→ **Stored records**
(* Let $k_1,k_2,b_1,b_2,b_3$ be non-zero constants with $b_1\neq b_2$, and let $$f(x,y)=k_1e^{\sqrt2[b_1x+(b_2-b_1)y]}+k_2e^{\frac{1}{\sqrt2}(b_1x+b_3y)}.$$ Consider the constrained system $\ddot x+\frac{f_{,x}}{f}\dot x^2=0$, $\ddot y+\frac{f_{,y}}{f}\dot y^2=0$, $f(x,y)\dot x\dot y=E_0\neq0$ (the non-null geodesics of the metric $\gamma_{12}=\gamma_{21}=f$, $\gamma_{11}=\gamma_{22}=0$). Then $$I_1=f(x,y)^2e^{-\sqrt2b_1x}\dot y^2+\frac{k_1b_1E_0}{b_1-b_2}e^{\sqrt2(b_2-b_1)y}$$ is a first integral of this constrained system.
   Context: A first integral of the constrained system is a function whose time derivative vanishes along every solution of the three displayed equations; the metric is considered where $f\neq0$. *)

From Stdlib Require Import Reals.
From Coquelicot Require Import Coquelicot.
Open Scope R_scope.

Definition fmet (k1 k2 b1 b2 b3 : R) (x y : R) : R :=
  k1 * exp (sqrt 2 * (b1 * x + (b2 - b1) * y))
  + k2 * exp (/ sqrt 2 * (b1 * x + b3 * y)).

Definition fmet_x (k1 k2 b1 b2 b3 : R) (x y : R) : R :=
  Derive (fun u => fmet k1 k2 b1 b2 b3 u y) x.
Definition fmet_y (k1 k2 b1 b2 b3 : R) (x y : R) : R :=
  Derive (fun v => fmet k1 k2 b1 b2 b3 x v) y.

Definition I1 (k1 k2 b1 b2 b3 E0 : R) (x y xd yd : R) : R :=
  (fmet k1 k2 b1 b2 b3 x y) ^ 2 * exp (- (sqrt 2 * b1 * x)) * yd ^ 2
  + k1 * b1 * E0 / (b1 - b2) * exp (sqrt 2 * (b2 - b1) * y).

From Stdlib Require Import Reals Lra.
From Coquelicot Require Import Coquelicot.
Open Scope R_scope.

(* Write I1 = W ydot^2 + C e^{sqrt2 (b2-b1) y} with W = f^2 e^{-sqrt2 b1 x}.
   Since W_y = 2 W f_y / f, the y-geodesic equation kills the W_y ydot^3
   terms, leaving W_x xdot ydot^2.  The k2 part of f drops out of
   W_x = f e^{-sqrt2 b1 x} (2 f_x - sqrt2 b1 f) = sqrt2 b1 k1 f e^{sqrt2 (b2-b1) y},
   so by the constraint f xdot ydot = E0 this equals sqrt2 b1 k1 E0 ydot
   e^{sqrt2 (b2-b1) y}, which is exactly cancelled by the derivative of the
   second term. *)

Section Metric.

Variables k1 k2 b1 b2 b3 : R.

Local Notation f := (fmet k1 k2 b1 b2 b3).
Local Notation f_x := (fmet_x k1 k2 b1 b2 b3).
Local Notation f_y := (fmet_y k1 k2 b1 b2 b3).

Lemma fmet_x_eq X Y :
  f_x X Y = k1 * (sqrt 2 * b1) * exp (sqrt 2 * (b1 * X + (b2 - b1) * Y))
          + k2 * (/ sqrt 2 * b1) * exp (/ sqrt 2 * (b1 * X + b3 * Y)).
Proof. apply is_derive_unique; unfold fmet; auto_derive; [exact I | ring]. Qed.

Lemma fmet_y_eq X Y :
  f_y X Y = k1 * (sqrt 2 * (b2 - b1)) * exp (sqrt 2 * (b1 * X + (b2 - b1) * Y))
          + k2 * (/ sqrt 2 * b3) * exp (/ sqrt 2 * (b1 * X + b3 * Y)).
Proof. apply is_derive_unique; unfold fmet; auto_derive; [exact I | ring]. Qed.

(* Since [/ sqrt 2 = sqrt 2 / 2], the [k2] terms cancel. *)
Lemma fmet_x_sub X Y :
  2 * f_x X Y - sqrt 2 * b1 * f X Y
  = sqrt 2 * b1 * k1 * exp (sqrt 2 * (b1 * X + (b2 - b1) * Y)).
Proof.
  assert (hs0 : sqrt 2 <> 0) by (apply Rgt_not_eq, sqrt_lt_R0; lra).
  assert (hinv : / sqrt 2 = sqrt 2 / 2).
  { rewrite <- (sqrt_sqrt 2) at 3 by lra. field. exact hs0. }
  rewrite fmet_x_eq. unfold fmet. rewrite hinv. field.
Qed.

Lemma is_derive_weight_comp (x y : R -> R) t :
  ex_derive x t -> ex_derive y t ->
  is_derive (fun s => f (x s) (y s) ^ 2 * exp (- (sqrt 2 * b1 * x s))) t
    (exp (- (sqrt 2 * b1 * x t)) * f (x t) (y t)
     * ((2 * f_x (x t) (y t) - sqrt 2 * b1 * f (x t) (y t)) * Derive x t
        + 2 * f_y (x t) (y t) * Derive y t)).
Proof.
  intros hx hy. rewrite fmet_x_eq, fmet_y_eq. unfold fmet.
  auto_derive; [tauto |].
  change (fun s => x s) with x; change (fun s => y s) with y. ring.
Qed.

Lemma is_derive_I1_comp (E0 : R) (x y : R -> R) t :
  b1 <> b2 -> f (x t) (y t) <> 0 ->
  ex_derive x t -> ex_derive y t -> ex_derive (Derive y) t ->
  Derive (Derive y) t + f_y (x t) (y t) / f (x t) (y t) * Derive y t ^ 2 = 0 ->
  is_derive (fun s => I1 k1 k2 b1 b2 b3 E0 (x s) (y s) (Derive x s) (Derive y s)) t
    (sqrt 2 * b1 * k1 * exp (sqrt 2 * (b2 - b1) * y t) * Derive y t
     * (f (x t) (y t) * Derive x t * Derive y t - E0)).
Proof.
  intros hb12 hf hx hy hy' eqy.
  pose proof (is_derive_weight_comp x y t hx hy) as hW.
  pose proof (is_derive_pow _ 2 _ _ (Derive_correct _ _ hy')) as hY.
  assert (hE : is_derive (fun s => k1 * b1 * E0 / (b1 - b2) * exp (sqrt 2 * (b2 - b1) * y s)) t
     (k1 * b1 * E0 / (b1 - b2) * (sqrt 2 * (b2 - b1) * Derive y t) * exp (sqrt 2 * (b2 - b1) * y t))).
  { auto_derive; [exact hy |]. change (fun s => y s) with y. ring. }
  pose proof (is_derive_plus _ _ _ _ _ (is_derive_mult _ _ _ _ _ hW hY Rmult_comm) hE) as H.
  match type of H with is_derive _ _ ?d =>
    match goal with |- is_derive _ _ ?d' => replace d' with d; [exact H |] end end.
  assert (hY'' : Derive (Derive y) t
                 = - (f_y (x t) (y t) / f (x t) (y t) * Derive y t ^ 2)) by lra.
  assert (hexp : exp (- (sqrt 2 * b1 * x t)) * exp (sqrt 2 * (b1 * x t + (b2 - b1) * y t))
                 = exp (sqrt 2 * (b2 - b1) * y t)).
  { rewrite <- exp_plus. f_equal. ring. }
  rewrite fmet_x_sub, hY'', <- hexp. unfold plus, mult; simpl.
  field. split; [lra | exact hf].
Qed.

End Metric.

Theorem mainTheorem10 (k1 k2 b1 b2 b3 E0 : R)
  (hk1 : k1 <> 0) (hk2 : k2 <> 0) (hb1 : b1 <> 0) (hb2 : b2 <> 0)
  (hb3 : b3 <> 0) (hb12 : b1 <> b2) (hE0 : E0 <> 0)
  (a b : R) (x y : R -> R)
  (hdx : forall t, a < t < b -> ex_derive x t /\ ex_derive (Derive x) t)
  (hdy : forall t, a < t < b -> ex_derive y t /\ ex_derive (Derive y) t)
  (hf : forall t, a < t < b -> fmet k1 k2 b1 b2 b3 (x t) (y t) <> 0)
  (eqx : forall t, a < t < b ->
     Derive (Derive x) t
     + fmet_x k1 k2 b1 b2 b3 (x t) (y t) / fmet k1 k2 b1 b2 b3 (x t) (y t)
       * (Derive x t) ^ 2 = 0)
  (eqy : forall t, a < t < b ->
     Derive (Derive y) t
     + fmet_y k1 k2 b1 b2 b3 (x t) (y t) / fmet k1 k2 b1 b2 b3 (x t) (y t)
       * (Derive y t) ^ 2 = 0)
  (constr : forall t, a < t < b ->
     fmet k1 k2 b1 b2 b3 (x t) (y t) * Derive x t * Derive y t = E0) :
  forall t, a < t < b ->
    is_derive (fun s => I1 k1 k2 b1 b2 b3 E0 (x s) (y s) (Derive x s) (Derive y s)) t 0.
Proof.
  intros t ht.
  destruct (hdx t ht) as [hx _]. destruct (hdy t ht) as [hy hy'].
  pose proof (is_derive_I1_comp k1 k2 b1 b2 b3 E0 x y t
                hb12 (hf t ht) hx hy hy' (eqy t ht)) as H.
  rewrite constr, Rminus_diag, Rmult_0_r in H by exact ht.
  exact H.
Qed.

→ **WHAT YOU NEED TO DO**
The required output is every line above from the one with "Local Notation f_x" down to the one with "b1) * exp (/", restated word for word, ends included.

→ **TASK OUTPUT**
Local Notation f_x := (fmet_x k1 k2 b1 b2 b3).
Local Notation f_y := (fmet_y k1 k2 b1 b2 b3).

Lemma fmet_x_eq X Y :
  f_x X Y = k1 * (sqrt 2 * b1) * exp (sqrt 2 * (b1 * X + (b2 - b1) * Y))
          + k2 * (/ sqrt 2 * b1) * exp (/ sqrt 2 * (b1 * X + b3 * Y)).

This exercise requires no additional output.